When my career was focused primarily on making
medical videos, I had to spend a lot of time selling myself, being an
evangelist for my business. Most
of my work came through ad agencies and the challenge for me was finding the
person at an agency who actually contracted video vendors. Finding that person was a search akin
to finding Jimmy Hoffa. I quickly
learned that I needed inside information if I was to have any success. So I would ask my existing clients if
they new anyone at a different agency from whom I could get some work. They often obliged and would give me a
phone number. Most importantly, I
would ask, “May I use your name when I call this person?”
Usually they would say, “yes.” One client who always said I could use
his name was a guy named Sam.
However, Sam’s name turned out not the magic password he led me to
believe it was. As I called the
agencies Sam told me about, I would reach the creative directors on the phone
and confidently say, “Sam recommended I call you.”
The person on the other end would always respond,
“Oh yeah. I know Sam.”
A rather ambiguous response. This would happen time and time
again. No, “Oh yeah I know
Sam. He’s a great guy.” Or “Well
if Sam uses you, you must be good.”
Just a plain, “Oh Yeah. I know Sam,” and then the chirping of crickets.

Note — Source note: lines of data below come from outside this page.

(* A finite rooted tree on vertex set 'I_n, given by its root r and a parent
   map par (with the convention par r = r); every vertex reaches the root by
   iterating par. *)
Definition rooted_tree (n : nat) (r : 'I_n) (par : 'I_n -> 'I_n) : Prop :=
  par r = r /\ forall v : 'I_n, exists k : nat, iter k par v = r.

Definition tree_edge (n : nat) (r : 'I_n) (par : 'I_n -> 'I_n) : rel 'I_n :=
  fun u v => (v != r) && (par v == u).

(* Colorings with colors in {1..k}, encoded as 'I_k (color c+1 <-> c). *)
Definition proper_col (n k : nat) (e : rel 'I_n) (kap : {ffun 'I_n -> 'I_k}) : bool :=
  [forall u, forall v, e u v ==> (kap u != kap v)].

Definition asc (n k : nat) (e : rel 'I_n) (kap : {ffun 'I_n -> 'I_k}) : nat :=
  #|[set uv : 'I_n * 'I_n | e uv.1 uv.2 && (kap uv.1 < kap uv.2)]|.

(* Coefficient of x_1^{alpha 1} ... x_k^{alpha k} q^a in X_G(x;q). *)
Definition csf_coeff (n : nat) (e : rel 'I_n) (k : nat) (alpha : 'I_k -> nat)
    (a : nat) : nat :=
  #|[set kap : {ffun 'I_n -> 'I_k} | [&& proper_col e kap,
       [forall c, #|[set v | kap v == c]| == alpha c] & asc e kap == a]]|.

(* X_G = X_G' as formal power series: all coefficients agree. *)
Definition csf_eq (n m : nat) (e : rel 'I_n) (e' : rel 'I_m) : Prop :=
  forall (k : nat) (alpha : 'I_k -> nat) (a : nat),
    csf_coeff e alpha a = csf_coeff e' alpha a.

Definition rooted_iso (n m : nat) (r : 'I_n) (par : 'I_n -> 'I_n)
    (r' : 'I_m) (par' : 'I_m -> 'I_m) : Prop :=
  exists f : 'I_n -> 'I_m, [/\ bijective f, f r = r' &
    forall u v, tree_edge r par u v = tree_edge r' par' (f u) (f v)].

From HB Require Import structures.
From mathcomp Require Import all_boot ssralg poly polydiv fraction rat zify.
Set Implicit Arguments. Unset Strict Implicit. Unset Printing Implicit Defensive.

(* Only the coefficient of q^(n-1) of X_T is needed: it counts the colorings in
   which every edge ascends, i.e. (reversing colors) the labelings that decrease
   strictly from parents to children.  Let W_k(v) be the generating function of
   such labelings of the subtree at v by 1..k, and P_k(v) the product of the
   W_k(w) over the children w of v.  Working in the tower of fields
   Q(x_1, ..., x_k), W_(k+1)(v) = W_k(v) + x_(k+1) P_k(v) is linear in x_(k+1),
   so W_(k+1) at the root determines W_k and P_k there, and
   P_(k+1)(v) = prod_w (W_k(w) + x_(k+1) P_k(w)) determines the multiset of the
   roots -W_k(w)/P_k(w).  By induction on size, the root -W_k(v)/P_k(v) (for k
   large) determines the subtree at v: equal roots at level k+1 force equal roots
   at level k for v and a matching of the children of v, since a subtree cannot
   share its root with one of its children (isomorphic subtrees have the same
   size); the isomorphisms of the matched children's subtrees glue together. *)

(** * Matching permutations and linear factors *)

Section MatchPermutation.
Variables (A B V : eqType).

Lemma perm_cons_cases (x y : V) (s t : seq V) :
  perm_eq (x :: s) (y :: t) -> (x = y /\ perm_eq s t) \/ (x \in t /\ y \in s).
Proof.
move=> pe; case: (eqVneq x y) => [exy|nxy].
  by left; split=> //; rewrite exy perm_cons in pe.
right; split.
  by have := perm_mem pe x; rewrite !inE eqxx (negPf nxy) /= => <-.
by have := perm_mem pe y; rewrite !inE eqxx eq_sym (negPf nxy) /= => ->.
Qed.

Lemma perm_eq_map_match (f : A -> V) (g : B -> V) (b0 : B) (s : seq A) (t : seq B) :
  uniq s -> uniq t -> perm_eq (map f s) (map g t) ->
  exists h : A -> B, [/\ {in s, forall x, h x \in t}, {in s, forall x, f x = g (h x)},
                         {in s &, injective h} &
                         {in t, forall y, exists2 x, x \in s & h x = y}].
Proof.
elim: s t => [|x s IH] t /= us ut pe.
  exists (fun=> b0); split=> // y yt.
  by move: (perm_size pe); rewrite size_map /=; case: t ut yt {pe}.
case/andP: us => xs us.
have : f x \in map g t by rewrite -(perm_mem pe) mem_head.
case/mapP => y yt fxy.
have pe' : perm_eq (map f s) (map g (rem y t)).
  have /(perm_map g) /= pt := perm_to_rem yt.
  by rewrite -(perm_cons (f x)); apply: perm_trans pe _; rewrite fxy.
have [h' [h1 h2 h3 h4]] := IH _ us (rem_uniq y ut) pe'.
have neq_x z : z \in s -> (z == x) = false by move=> zs; apply: contraNF xs => /eqP <-.
exists (fun z => if z == x then y else h' z); split.
- move=> z; rewrite inE; case: eqP => [_ _ //|_ /= zs].
  exact: mem_rem (h1 z zs).
- by move=> z; rewrite inE; case: eqP => [-> _ //|_ /= zs]; apply: h2.
- move=> z1 z2; rewrite !inE.
  case/predU1P => [->|z1s]; case/predU1P => [->|z2s] //; rewrite ?eqxx ?neq_x //.
  + by move=> E; move: (h1 z2 z2s); rewrite -E (mem_rem_uniq _ ut) inE eqxx.
  + by move=> E; move: (h1 z1 z1s); rewrite E (mem_rem_uniq _ ut) inE eqxx.
  + exact: h3.
- move=> y' y't; case: (eqVneq y' y) => [->|y'y].
    by exists x; rewrite ?mem_head ?eqxx.
  have : y' \in rem y t by rewrite (mem_rem_uniq _ ut) inE y'y.
  by case/h4 => z zs hz; exists z; rewrite ?inE ?zs ?orbT ?neq_x.
Qed.

End MatchPermutation.

Import GRing.Theory.
Local Open Scope ring_scope.

Section LinearPolynomials.
Variable F : fieldType.

Definition linp (a b : F) : {poly F} := a%:P + 'X * b%:P.
Definition linp_root (a b : F) : F := - (a / b).

Lemma linp_inj a b a' b' : linp a b = linp a' b' -> a = a' /\ b = b'.
Proof.
move=> E; split.
  by have := congr1 (fun p : {poly F} => p`_0) E; rewrite !coefD !coefC !coefXM /= !addr0.
have := congr1 (fun p : {poly F} => p`_1) E.
by rewrite !coefD !coefC !coefXM /= !coefC /= !add0r.
Qed.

Eventually, I realized that Sam’s recommendation
was not highly valued in the medical video world. If I was to continue in the field, I would need the
recommendation of someone else.
In the ancient world, recommendations were not
simply names dropped in phone conversations, but took the form of letters. For instance, if you wanted to do
trade with someone in another city and had never met them before, you couldn’t
just direct them to your website.
You needed to show up with a letter of recommendation. In the time of Paul, many preachers
itinerated from place to place sporting credentials and letters to introduce
them to believers in the new community.
As we have seen over the past few weeks, the church
which Paul had begun in the city of Corinth had turned on him. Other preachers had apparently come
into the city, with their letters of recommendation, and caused the Corinthians
to question Paul’s orthodoxy and his motivations. In response,
Paul could have easily bombarded them with his qualifications. Paul had some great credentials as a
preacher. He had no qualms about
listing the details of his Jewish pedigree to the church in Galatia. To them he once wrote, “If anyone else
has reason to be confident in the flesh, I have more: circumcised on the
eighth day, a member of the people of Israel, of the tribe of Benjamin, a
Hebrew born of Hebrews; as to the law, a Pharisee; as to zeal, a
persecutor of the church; as to righteousness under the law, blameless.”
Paul does do that with the Corinthians. Instead he says, he has a letter of
recommendation and that letter is not a list of his credentials, but the people
of the Corinthian church themselves.
His audience, the people he brought into relationship with Jesus Christ,
are better evidence of Paul’s character than any list of credentials would ever
be.
When’s the last time you wrote a letter - not an
email or tweet, but an actual letter?
I imagine that for most of you, it has been a long time. But some of us would fare even worse if
I asked when was the last time you wrote the kind of letter Paul wrote? Who in this world has a relationship
with Christ because of you? Not
who have you invited to church although that is important, but whose life has
been changed because you introduced them to Jesus?
The loaded term for that is evangelism. It’s loaded because we associate it
with a lot of baggage. We hear
evangelism and we think of Evangelicals and a particular belief system or
political agenda with which we may or may not agree. The word brings to mind people who pass out religious tracts
or knock on your door asking leading questions like, “If you died tonight, do
you know where you would end up?”
These bad experiences we may have had and our own
preconceptions cannot mask the fact the Bible and the early Christians insisted
that a healthy church creates new believers in Jesus Christ. That sounds horribly old-fashioned and
conservative to some of you, I know.
Yet it is part of who we are and is the core of our reason to exist in
the first place. Look at it this
way, if evangelism wasn’t central to the Christianity, you and I wouldn’t be
here today, since we never would have heard about Jesus. Evangelism is who we are.
I am puzzled by old-line traditional churches who
form evangelism committees, as if making new disciples was an add-on or special
program of the church. What in the
world have those churches been doing for a hundred years? A church starting an evangelism
committee is like a church starting a religion committee. It makes no sense. It is redundant. Quite simply, if a church isn’t
evangelizing, it isn’t a church but a country club with bad music. Evangelism isn’t an aspect of what the church is, it is what the church is.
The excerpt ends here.